*WORK ORDER*
From the first line of the data below, copy each line up to the one containing "assert (Hh : h", and include that line too.

Stored data
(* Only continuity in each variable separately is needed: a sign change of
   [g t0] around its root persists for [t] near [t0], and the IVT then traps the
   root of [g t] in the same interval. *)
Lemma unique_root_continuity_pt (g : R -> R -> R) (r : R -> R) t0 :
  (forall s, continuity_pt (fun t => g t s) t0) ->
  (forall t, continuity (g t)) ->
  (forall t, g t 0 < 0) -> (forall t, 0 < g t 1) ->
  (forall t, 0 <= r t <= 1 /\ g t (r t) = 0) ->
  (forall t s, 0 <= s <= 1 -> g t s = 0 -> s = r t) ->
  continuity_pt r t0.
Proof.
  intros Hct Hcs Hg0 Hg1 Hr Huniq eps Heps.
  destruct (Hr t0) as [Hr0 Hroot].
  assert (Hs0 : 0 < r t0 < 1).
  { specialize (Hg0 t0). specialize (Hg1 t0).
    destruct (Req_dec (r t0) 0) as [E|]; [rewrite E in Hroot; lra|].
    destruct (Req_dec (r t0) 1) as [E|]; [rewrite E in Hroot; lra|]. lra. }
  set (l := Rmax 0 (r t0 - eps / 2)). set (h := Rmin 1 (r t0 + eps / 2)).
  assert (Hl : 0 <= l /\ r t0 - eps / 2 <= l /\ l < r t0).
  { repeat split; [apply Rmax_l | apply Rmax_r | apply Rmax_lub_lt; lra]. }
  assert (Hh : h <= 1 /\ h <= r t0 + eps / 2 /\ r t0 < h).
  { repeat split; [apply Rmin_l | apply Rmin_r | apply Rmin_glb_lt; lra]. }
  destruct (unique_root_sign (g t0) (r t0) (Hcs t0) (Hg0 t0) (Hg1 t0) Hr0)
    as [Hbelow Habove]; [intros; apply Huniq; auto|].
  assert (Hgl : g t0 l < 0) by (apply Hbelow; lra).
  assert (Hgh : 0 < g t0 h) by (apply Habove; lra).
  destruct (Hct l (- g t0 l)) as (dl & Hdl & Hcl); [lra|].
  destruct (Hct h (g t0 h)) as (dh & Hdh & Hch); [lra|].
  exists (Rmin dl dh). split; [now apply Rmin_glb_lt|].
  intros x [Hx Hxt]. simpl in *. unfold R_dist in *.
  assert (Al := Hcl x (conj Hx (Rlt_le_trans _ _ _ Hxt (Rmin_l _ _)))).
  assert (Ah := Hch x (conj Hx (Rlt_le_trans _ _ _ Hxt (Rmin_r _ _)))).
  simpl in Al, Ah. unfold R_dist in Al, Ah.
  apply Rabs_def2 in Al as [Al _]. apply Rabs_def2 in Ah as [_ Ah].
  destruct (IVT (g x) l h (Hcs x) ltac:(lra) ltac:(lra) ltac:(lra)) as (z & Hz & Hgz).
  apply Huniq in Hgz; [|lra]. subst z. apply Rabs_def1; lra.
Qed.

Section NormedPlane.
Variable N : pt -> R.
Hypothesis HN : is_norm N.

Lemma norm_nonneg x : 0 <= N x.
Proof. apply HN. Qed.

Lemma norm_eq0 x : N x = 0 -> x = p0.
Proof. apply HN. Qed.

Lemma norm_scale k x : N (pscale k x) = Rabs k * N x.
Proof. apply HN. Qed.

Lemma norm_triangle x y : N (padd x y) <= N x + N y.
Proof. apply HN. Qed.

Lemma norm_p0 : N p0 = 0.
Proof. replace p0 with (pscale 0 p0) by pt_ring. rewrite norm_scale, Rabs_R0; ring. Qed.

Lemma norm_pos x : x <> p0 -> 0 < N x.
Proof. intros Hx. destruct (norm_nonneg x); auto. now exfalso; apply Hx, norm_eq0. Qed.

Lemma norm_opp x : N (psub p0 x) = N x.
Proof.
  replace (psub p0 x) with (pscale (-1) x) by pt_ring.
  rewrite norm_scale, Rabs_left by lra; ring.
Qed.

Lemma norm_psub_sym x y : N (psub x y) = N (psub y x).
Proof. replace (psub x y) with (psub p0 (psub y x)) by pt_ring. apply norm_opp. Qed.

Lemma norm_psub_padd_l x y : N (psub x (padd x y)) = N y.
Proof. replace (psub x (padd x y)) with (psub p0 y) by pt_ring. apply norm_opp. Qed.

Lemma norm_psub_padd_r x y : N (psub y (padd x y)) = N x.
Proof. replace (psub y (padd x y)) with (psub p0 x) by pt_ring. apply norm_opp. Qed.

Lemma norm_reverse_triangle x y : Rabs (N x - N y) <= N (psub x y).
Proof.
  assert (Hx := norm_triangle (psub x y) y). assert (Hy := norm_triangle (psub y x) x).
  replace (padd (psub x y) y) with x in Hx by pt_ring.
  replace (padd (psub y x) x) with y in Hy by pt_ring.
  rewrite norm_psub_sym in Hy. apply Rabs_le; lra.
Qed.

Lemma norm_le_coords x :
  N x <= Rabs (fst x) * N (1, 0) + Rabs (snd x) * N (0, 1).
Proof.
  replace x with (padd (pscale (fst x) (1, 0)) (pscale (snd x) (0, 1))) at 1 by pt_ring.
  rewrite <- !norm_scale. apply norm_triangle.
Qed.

*ANSWER AREA*
(* Only continuity in each variable separately is needed: a sign change of
   [g t0] around its root persists for [t] near [t0], and the IVT then traps the
   root of [g t] in the same interval. *)
Lemma unique_root_continuity_pt (g : R -> R -> R) (r : R -> R) t0 :
  (forall s, continuity_pt (fun t => g t s) t0) ->
  (forall t, continuity (g t)) ->
  (forall t, g t 0 < 0) -> (forall t, 0 < g t 1) ->
  (forall t, 0 <= r t <= 1 /\ g t (r t) = 0) ->
  (forall t s, 0 <= s <= 1 -> g t s = 0 -> s = r t) ->
  continuity_pt r t0.
Proof.
  intros Hct Hcs Hg0 Hg1 Hr Huniq eps Heps.
  destruct (Hr t0) as [Hr0 Hroot].
  assert (Hs0 : 0 < r t0 < 1).
  { specialize (Hg0 t0). specialize (Hg1 t0).
    destruct (Req_dec (r t0) 0) as [E|]; [rewrite E in Hroot; lra|].
    destruct (Req_dec (r t0) 1) as [E|]; [rewrite E in Hroot; lra|]. lra. }
  set (l := Rmax 0 (r t0 - eps / 2)). set (h := Rmin 1 (r t0 + eps / 2)).
  assert (Hl : 0 <= l /\ r t0 - eps / 2 <= l /\ l < r t0).
  { repeat split; [apply Rmax_l | apply Rmax_r | apply Rmax_lub_lt; lra]. }
  assert (Hh : h <= 1 /\ h <= r t0 + eps / 2 /\ r t0 < h).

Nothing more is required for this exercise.